::: Given entries

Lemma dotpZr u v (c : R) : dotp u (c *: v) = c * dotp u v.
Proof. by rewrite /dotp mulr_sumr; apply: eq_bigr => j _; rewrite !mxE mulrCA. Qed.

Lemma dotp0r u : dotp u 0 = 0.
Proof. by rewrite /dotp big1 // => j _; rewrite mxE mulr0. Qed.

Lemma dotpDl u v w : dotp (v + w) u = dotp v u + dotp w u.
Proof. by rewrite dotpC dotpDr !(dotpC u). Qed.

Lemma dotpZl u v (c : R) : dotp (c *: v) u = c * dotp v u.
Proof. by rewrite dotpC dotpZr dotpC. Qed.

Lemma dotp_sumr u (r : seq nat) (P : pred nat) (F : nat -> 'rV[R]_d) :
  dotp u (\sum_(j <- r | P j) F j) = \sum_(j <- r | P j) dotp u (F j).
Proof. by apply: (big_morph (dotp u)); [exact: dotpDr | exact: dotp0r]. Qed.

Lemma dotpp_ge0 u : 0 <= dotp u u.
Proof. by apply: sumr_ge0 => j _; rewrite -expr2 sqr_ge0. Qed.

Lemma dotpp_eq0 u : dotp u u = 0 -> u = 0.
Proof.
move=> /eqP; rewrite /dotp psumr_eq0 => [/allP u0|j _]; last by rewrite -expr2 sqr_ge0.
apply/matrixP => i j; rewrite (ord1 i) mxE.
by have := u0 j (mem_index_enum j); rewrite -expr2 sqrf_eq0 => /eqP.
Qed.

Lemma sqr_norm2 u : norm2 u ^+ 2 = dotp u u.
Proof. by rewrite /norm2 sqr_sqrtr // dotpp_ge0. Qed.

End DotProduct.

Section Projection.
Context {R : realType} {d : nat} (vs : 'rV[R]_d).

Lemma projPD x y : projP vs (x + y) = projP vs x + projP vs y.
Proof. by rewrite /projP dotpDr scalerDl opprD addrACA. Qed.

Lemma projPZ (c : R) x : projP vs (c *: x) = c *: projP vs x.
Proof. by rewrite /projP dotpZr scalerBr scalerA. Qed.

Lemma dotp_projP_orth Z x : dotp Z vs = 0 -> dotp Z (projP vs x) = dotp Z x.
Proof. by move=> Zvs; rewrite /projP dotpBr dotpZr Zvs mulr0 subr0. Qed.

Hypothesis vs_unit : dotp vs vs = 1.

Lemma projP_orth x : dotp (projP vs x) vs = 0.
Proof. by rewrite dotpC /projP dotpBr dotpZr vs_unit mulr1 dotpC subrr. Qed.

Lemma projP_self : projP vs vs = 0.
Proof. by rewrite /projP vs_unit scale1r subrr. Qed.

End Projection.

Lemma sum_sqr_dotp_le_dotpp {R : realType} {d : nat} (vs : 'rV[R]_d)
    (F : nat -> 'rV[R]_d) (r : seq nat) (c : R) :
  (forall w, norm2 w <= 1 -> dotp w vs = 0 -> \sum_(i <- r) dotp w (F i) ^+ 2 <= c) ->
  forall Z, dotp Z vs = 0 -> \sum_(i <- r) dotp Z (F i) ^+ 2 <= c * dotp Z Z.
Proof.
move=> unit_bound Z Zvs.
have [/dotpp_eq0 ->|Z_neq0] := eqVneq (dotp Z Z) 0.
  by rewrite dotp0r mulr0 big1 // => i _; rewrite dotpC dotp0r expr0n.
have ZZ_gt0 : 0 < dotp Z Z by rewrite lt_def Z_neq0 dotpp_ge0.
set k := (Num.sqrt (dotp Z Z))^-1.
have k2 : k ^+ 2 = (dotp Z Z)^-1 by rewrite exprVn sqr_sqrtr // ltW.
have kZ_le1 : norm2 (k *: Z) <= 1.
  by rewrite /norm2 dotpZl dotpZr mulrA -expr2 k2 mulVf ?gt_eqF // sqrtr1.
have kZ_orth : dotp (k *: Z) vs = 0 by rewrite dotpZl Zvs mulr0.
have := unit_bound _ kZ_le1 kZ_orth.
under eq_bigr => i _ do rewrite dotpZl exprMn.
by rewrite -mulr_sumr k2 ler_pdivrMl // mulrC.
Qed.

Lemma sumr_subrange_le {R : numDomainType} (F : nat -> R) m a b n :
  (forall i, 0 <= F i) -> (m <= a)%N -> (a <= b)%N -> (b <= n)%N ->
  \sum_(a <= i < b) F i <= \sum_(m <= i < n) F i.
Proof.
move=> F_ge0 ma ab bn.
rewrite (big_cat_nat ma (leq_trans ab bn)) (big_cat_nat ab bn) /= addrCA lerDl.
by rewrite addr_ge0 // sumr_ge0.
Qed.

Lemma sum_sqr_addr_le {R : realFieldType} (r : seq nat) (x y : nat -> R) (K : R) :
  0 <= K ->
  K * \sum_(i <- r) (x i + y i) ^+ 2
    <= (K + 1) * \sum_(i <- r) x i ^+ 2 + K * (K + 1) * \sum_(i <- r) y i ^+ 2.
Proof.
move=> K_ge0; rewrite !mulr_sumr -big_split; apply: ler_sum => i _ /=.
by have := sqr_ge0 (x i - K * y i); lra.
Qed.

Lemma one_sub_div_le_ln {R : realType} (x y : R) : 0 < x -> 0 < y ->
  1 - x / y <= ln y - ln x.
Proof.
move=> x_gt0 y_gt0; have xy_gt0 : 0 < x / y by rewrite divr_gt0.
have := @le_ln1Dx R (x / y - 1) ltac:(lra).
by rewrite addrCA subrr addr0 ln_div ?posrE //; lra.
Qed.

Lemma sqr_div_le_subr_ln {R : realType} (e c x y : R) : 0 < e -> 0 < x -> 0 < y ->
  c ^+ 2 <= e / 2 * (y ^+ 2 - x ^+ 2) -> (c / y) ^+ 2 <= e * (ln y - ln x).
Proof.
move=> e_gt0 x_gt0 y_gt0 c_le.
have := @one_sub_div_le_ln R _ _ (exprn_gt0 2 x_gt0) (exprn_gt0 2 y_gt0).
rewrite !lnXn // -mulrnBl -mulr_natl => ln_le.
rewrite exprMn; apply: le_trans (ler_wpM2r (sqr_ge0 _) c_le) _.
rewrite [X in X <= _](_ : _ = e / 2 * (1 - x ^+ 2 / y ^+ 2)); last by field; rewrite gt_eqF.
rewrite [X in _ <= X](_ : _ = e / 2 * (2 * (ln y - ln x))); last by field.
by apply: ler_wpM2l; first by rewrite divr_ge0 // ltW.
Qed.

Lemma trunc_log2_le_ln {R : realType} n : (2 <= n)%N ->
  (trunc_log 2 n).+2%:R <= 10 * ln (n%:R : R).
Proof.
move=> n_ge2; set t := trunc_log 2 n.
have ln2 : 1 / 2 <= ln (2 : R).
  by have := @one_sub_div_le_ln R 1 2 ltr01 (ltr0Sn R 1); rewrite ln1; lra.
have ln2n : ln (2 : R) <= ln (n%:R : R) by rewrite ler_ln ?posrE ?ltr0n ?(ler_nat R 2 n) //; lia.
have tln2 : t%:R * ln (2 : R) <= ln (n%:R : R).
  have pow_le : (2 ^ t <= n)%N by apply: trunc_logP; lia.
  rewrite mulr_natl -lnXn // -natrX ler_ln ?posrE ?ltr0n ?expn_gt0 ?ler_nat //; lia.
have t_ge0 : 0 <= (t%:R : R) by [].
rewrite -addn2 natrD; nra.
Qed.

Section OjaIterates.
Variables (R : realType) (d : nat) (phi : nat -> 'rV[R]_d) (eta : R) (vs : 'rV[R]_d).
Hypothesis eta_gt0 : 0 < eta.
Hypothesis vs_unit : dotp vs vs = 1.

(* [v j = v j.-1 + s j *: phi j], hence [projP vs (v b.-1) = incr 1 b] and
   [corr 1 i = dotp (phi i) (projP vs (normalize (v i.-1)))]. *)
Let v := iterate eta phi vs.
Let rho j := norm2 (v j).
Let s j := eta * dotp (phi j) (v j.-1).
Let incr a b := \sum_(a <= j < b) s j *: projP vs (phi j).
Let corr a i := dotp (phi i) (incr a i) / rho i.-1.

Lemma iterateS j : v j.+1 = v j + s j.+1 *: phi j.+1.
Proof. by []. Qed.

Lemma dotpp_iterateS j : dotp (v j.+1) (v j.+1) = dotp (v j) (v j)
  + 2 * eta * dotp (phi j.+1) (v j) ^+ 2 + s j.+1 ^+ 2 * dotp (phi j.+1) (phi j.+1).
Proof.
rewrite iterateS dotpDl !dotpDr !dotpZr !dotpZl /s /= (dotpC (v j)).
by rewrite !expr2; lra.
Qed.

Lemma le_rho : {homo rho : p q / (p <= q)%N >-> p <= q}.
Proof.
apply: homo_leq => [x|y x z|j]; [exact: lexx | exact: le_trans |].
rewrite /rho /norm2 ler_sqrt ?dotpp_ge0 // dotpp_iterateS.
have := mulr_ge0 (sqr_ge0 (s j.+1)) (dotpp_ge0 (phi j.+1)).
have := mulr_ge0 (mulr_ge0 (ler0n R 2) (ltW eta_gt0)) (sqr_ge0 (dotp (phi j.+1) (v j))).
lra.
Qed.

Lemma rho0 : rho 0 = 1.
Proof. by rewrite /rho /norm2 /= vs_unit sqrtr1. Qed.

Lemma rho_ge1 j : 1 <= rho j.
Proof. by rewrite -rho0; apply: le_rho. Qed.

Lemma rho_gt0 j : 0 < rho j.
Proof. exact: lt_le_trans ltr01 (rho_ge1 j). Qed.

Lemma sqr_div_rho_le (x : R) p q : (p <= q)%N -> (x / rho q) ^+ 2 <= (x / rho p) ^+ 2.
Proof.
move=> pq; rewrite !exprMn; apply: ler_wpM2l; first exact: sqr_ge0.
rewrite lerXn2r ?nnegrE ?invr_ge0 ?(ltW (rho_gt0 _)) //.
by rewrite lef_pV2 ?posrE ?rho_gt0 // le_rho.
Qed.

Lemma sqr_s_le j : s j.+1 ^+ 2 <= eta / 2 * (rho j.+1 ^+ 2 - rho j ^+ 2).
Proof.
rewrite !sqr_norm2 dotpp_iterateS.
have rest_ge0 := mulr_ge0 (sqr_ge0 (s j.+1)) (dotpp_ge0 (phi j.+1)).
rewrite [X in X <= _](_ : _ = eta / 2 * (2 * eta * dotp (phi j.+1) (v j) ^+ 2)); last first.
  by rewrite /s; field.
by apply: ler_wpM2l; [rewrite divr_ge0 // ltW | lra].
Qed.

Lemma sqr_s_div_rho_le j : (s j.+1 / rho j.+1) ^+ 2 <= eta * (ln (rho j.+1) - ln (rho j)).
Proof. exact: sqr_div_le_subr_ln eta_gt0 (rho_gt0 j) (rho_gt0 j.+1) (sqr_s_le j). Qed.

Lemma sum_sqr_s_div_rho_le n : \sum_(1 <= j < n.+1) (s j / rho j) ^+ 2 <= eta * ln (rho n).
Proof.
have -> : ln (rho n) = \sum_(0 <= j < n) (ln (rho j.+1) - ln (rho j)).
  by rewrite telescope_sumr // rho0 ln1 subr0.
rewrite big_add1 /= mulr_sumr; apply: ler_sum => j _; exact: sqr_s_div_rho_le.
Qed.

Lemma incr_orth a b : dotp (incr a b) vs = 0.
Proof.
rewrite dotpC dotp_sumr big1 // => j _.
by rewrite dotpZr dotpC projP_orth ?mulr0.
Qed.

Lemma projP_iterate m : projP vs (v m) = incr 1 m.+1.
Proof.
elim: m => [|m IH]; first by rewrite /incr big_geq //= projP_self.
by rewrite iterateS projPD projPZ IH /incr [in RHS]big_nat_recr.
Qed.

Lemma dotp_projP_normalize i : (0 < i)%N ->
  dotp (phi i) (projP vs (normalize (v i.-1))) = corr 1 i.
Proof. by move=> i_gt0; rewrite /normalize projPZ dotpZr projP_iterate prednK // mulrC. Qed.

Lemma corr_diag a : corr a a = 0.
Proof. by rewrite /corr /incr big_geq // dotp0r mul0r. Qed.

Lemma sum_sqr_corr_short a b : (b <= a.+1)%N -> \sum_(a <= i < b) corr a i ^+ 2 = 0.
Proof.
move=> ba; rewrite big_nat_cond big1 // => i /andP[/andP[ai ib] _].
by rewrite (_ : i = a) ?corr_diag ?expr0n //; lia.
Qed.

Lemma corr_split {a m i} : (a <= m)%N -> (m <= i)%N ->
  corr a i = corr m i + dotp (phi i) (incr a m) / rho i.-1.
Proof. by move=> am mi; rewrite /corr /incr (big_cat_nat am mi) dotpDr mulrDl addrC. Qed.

::::::
::: Given entries

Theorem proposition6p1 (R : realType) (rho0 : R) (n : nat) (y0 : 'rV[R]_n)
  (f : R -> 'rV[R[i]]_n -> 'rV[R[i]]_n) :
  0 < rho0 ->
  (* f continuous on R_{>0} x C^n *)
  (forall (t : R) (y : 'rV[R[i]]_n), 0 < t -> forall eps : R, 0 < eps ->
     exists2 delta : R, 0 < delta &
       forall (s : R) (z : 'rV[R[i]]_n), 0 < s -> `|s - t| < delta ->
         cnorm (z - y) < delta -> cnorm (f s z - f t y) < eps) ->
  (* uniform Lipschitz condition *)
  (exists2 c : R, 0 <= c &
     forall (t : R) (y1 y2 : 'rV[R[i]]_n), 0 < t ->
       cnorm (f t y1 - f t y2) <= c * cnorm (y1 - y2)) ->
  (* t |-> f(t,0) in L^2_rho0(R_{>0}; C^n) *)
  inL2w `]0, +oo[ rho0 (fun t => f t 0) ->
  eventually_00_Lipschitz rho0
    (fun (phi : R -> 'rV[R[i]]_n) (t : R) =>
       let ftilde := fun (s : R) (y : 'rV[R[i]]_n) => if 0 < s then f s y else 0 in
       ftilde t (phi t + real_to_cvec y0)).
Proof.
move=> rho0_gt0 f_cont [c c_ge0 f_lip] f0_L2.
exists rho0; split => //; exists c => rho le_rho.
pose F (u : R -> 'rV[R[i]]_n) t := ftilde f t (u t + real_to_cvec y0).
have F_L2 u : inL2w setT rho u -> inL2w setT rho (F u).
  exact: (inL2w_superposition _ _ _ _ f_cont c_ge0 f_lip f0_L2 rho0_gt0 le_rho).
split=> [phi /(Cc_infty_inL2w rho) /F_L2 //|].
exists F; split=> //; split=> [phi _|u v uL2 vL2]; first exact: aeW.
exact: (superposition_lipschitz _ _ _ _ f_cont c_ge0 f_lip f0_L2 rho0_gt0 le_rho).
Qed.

::::::

_What the task asks_. Transcribe, exactly and without additions, the lines of the records above, beginning with the line that contains "Lemma dotpZr u" and ending with the line that contains "apply/matrixP => i j; rewrite (ord1 i) mxE.", both included.

_Solved exercise_.
Lemma dotpZr u v (c : R) : dotp u (c *: v) = c * dotp u v.
Proof. by rewrite /dotp mulr_sumr; apply: eq_bigr => j _; rewrite !mxE mulrCA. Qed.

Lemma dotp0r u : dotp u 0 = 0.
Proof. by rewrite /dotp big1 // => j _; rewrite mxE mulr0. Qed.

Lemma dotpDl u v w : dotp (v + w) u = dotp v u + dotp w u.
Proof. by rewrite dotpC dotpDr !(dotpC u). Qed.

Lemma dotpZl u v (c : R) : dotp (c *: v) u = c * dotp v u.
Proof. by rewrite dotpC dotpZr dotpC. Qed.

Lemma dotp_sumr u (r : seq nat) (P : pred nat) (F : nat -> 'rV[R]_d) :
  dotp u (\sum_(j <- r | P j) F j) = \sum_(j <- r | P j) dotp u (F j).
Proof. by apply: (big_morph (dotp u)); [exact: dotpDr | exact: dotp0r]. Qed.

Lemma dotpp_ge0 u : 0 <= dotp u u.
Proof. by apply: sumr_ge0 => j _; rewrite -expr2 sqr_ge0. Qed.

Lemma dotpp_eq0 u : dotp u u = 0 -> u = 0.
Proof.
move=> /eqP; rewrite /dotp psumr_eq0 => [/allP u0|j _]; last by rewrite -expr2 sqr_ge0.
apply/matrixP => i j; rewrite (ord1 i) mxE.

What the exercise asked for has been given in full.